◆ **Task requirements**:
With both ends included, repeat exactly the lines of the entries below from the one containing "assert (HP : 1 <= Rpower (INR m) (3 / 2))." down to the one containing "Lemma hit_partial_mean m", and no others.

◆ **Collected data entries**:
==*==
Lemma height_drift nxt x :
  (forall x, In x (verts m) -> x <> Vb -> geodesic_step m x (nxt x)) ->
  In x (live veqb (verts m) Vb) ->
  step (verts m) (trans m nxt) height x <= height x + prof 1.
Proof.
  intros Hnxt Hx. pose proof (detour_ge4 m Hm) as HL.
  pose proof (prof_pos 1 (le_n 1)) as Hc.
  destruct (live_cases m x Hx) as [->|[[i [-> Hi]]|[[i [-> Hi]]|[i [j [-> [Hi Hj]]]]]]].
  - rewrite step_a, height_vpath by (auto; lia). simpl. lra.
  - rewrite step_v, !height_vpath by (auto; lia). cbn [height].
    rewrite INR_detour_pred.
    destruct i as [|k]; [lia|]. replace (S k - 1)%nat with k by lia.
    pose proof (prof_rec k). pose proof (prof_ge0 (S k)). pose proof prof1_le_inv_detour.
    (* the detour lowers the average by [prof (S k) / L >= prof 1 * prof (S k)] *)
    assert (Hdet : prof (S k) * (prof 1 - / L) <= 0) by nra.
    assert (Heq : prof (S k) * (detour m - 1) / detour m = prof (S k) - prof (S k) * / L)
      by (field; lra).
    rewrite Heq. nra.
  - rewrite step_s, height_spath by assumption. simpl. lra.
  - rewrite step_r, !height_rpath by (auto; lia). cbn [height].
    rewrite minus_INR, (S_INR j) by lia. change (INR 1) with 1.
    match goal with |- ?l <= ?r + _ => assert (l = r) by (field; lra) end. lra.
Qed.

Lemma lower_pot_drift nxt x :
  (forall x, In x (verts m) -> x <> Vb -> geodesic_step m x (nxt x)) ->
  In x (live veqb (verts m) Vb) ->
  lower_pot x - 1 <= step (verts m) (trans m nxt) lower_pot x.
Proof.
  intros Hnxt Hx. pose proof (prof_pos 1 (le_n 1)) as Hc.
  rewrite (step_ext _ _ _ _ (fun y => - / prof 1 * height y + prof (S m) / prof 1))
    by (intros; unfold lower_pot; field; lra).
  rewrite step_affine, (step_one m nxt Hm Hnxt x Hx).
  pose proof (height_drift nxt x Hnxt Hx). unfold lower_pot.
  apply Rmult_le_reg_l with (prof 1); [exact Hc|]. field_simplify; lra.
Qed.

Lemma lower_pot_b : lower_pot Vb = 0.
Proof. unfold lower_pot. simpl. unfold Rdiv. ring. Qed.

Lemma lower_pot_le x : lower_pot x <= prof (S m) / prof 1.
Proof.
  pose proof (prof_pos 1 (le_n 1)).
  assert (0 <= height x).
  { destruct x; simpl; try lra; try apply prof_ge0.
    pose proof (detour_pos m). pose proof (prof_ge0 i). pose proof (pos_INR j).
    apply Rmult_le_pos; [apply Rmult_le_pos; lra|apply Rlt_le, Rinv_0_lt_compat; lra]. }
  unfold lower_pot, Rdiv. apply Rmult_le_compat_r; [apply Rlt_le, Rinv_0_lt_compat|]; lra.
Qed.

Lemma lower_pot_v1 : lower_pot (Vv 1) = prof (S m) / prof 1 - 1.
Proof. pose proof (prof_pos 1 (le_n 1)). unfold lower_pot. simpl. field. lra. Qed.

Lemma growth_pow_ge : 1 + sqrt (INR m + 1) / 2 <= growth ^ S m.
Proof.
  pose proof sqrt_m1_ge1.
  assert (Hd : 0 < / (2 * sqrt (INR m + 1))) by (apply Rinv_0_lt_compat; lra).
  pose proof (poly (S m) _ Hd) as Hbern. fold growth in Hbern.
  replace (INR (S m) * / (2 * sqrt (INR m + 1))) with (sqrt (INR m + 1) / 2) in Hbern;
    [exact Hbern|].
  rewrite S_INR. rewrite <- (sqrt_sqrt (INR m + 1)) at 2 by (pose proof (pos_INR m); lra).
  field. lra.
Qed.

Lemma exp_INR_mult n x : exp (INR n * x) = exp x ^ n.
Proof.
  induction n as [|n IH]; simpl pow; [rewrite Rmult_0_l, exp_0; reflexivity|].
  rewrite S_INR, Rmult_plus_distr_r, Rmult_1_l, exp_plus, IH. ring.
Qed.

Lemma exp_le_growth_pow : exp (sqrt (INR m + 1) / 4) <= growth ^ S m.
Proof.
  pose proof sqrt_m1_ge1 as Hsq.
  set (d := / (2 * sqrt (INR m + 1))).
  assert (Hd : 0 < d <= 1 / 2).
  { unfold d. split; [apply Rinv_0_lt_compat; lra|].
    apply Rmult_le_reg_l with (2 * sqrt (INR m + 1)); [lra|].
    rewrite Rinv_r by lra. lra. }
  (* [exp (d/2) <= 1 + d] follows from [1 - d/2 <= exp (-d/2)] *)
  assert (Hexp : exp (d / 2) <= growth).
  { pose proof (exp_ineq1_le (- (d / 2))) as Hlow.
    assert (exp (d / 2) * exp (- (d / 2)) = 1)
      by (rewrite <- exp_plus, Rplus_opp_r; apply exp_0).
    pose proof (exp_pos (d / 2)). unfold growth. fold d. nra. }
  replace (sqrt (INR m + 1) / 4) with (INR (S m) * (d / 2)).
  - rewrite exp_INR_mult. apply pow_incr. pose proof (exp_pos (d / 2)). lra.
  - unfold d. rewrite S_INR.
    rewrite <- (sqrt_sqrt (INR m + 1)) at 1 by (pose proof (pos_INR m); lra). field. lra.
Qed.

Lemma prof_ratio_ge : growth ^ S m / 2 <= prof (S m) / prof 1 - 1.
Proof.
  pose proof (prof_pos 1 (le_n 1)) as Hc. pose proof prof1_le as Hc'.
  pose proof growth_pow_ge as Hs. pose proof sqrt_m1_ge1.
  assert (HM : 2 <= INR m + 1) by (apply le_INR in Hm; simpl in Hm; lra).
  set (s := growth ^ S m) in *. set (u := s - 1).
  assert (Hu : sqrt (INR m + 1) / 2 <= u) by (unfold u; lra).
  assert (Hu2 : 1 / 2 <= u * u).
  { assert (sqrt (INR m + 1) * sqrt (INR m + 1) = INR m + 1)
      by (apply sqrt_sqrt; pose proof (pos_INR m); lra).
    nra. }
  assert (Hu7 : 7 / 10 <= u) by (assert (1 / 2 <= u) by lra; nra).
  assert (Hprof : prof (S m) = u * u / s) by (rewrite prof_sq; fold s; unfold u; field; lra).
  assert (Hratio : 8 * (u * u / s) <= prof (S m) / prof 1).
  { rewrite Hprof. unfold Rdiv. rewrite Rmult_comm.
    apply Rmult_le_compat_l; [apply Rmult_le_pos; [nra|apply Rlt_le, Rinv_0_lt_compat; lra]|].
    apply Rle_trans with (4 * (INR m + 1)); [lra|].
    rewrite <- (Rinv_inv (4 * (INR m + 1))). apply Rinv_le_contravar; lra. }
  assert (s / 2 + 1 <= 8 * (u * u / s)).
  { apply Rmult_le_reg_l with s; [lra|].
    replace (s * (8 * (u * u / s))) with (8 * (u * u)) by (field; lra).
    replace s with (1 + u) by (unfold u; ring). nra. }
  lra.
Qed.

End LowerPotential.

Lemma hitting_bound_le_prof_ratio m : (1 <= m)%nat ->
  exp (sqrt (INR m) / 10) / (Rpower (INR m) (3 / 2) + 1) <= prof m (S m) / prof m 1 - 1.
Proof.
  intro Hm.
  assert (Hm1 : 1 <= INR m) by (apply le_INR in Hm; exact Hm).
  assert (HP : 1 <= Rpower (INR m) (3 / 2)).
  { rewrite <- (Rpower_O (INR m)) by lra. apply Rle_Rpower; lra. }
  assert (Hexp : exp (sqrt (INR m) / 10) <= growth m ^ S m).
  { eapply Rle_trans; [|apply exp_le_growth_pow].
    assert (sqrt (INR m) <= sqrt (INR m + 1)) by (apply sqrt_le_1_alt; lra).
    pose proof (sqrt_pos (INR m)). pose proof (sqrt_m1_ge1 m).
    left. apply exp_increasing. lra. }
  pose proof (prof_ratio_ge m Hm). pose proof (exp_pos (sqrt (INR m) / 10)).
  apply Rle_trans with (exp (sqrt (INR m) / 10) / 2); [|lra].
  unfold Rdiv. apply Rmult_le_compat_l; [lra|]. apply Rinv_le_contravar; lra.
Qed.

Lemma killed_eq m nxt n y :
  killed m nxt n y = killed_dist veqb (verts m) Vb (Vv 1) (trans m nxt) n y.
Proof.
  revert y. induction n as [|n IH]; intro y; [reflexivity|].
  cbn [killed killed_dist]. f_equal. apply map_ext. intro x. rewrite IH. reflexivity.
Qed.

Lemma hit_partial_mean m nxt N :
  hit_partial m nxt N = mean_hit_partial veqb (verts m) Vb (Vv 1) (trans m nxt) N.
Proof. apply sum_eq. intros n _. unfold hit_prob. rewrite killed_eq. reflexivity. Qed.

Theorem mainTheorem4 (m : nat) (Hm : (1 <= m)%nat) (nxt : vtx -> vtx)
  (Hnxt : forall x, In x (verts m) -> x <> Vb -> geodesic_step m x (nxt x)) :
  hitting_time_ge m nxt
    (exp (sqrt (INR m) / 10) / (Rpower (INR m) (3 / 2) + 1)).
Proof.
  intros c Hc. setoid_rewrite hit_partial_mean.
  assert (Hv1 : In (Vv 1) (verts m)) by (apply in_verts; simpl; lia).
  apply (mean_hit_partial_lyapunov vtx veqb veqb_eq (verts m) Vb (Vv 1) (trans m nxt)
           (verts_NoDup m) (proj2 (in_verts m Vb) I) (trans_ge0 m nxt) Hv1 ltac:(discriminate)
           (step_one m nxt Hm Hnxt)
           (lower_pot m) (prof m (S m) / prof m 1) (upper_pot m) (upper_max m)).
  - apply lower_pot_b.
  - intros x Hx. apply lower_pot_drift; assumption.
  - intros x _. apply lower_pot_le.
  - reflexivity.
  - apply upper_pot_bounds.
  - intros x Hx. apply upper_pot_drift; assumption.
  - rewrite lower_pot_v1. pose proof (hitting_bound_le_prof_ratio m Hm). lra.
Qed.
==*==
◆ **Task answer**:
  assert (HP : 1 <= Rpower (INR m) (3 / 2)).
  { rewrite <- (Rpower_O (INR m)) by lra. apply Rle_Rpower; lra. }
  assert (Hexp : exp (sqrt (INR m) / 10) <= growth m ^ S m).
  { eapply Rle_trans; [|apply exp_le_growth_pow].
    assert (sqrt (INR m) <= sqrt (INR m + 1)) by (apply sqrt_le_1_alt; lra).
    pose proof (sqrt_pos (INR m)). pose proof (sqrt_m1_ge1 m).
    left. apply exp_increasing. lra. }
  pose proof (prof_ratio_ge m Hm). pose proof (exp_pos (sqrt (INR m) / 10)).
  apply Rle_trans with (exp (sqrt (INR m) / 10) / 2); [|lra].
  unfold Rdiv. apply Rmult_le_compat_l; [lra|]. apply Rinv_le_contravar; lra.
Qed.

Lemma killed_eq m nxt n y :
  killed m nxt n y = killed_dist veqb (verts m) Vb (Vv 1) (trans m nxt) n y.
Proof.
  revert y. induction n as [|n IH]; intro y; [reflexivity|].
  cbn [killed killed_dist]. f_equal. apply map_ext. intro x. rewrite IH. reflexivity.
Qed.

Lemma hit_partial_mean m nxt N :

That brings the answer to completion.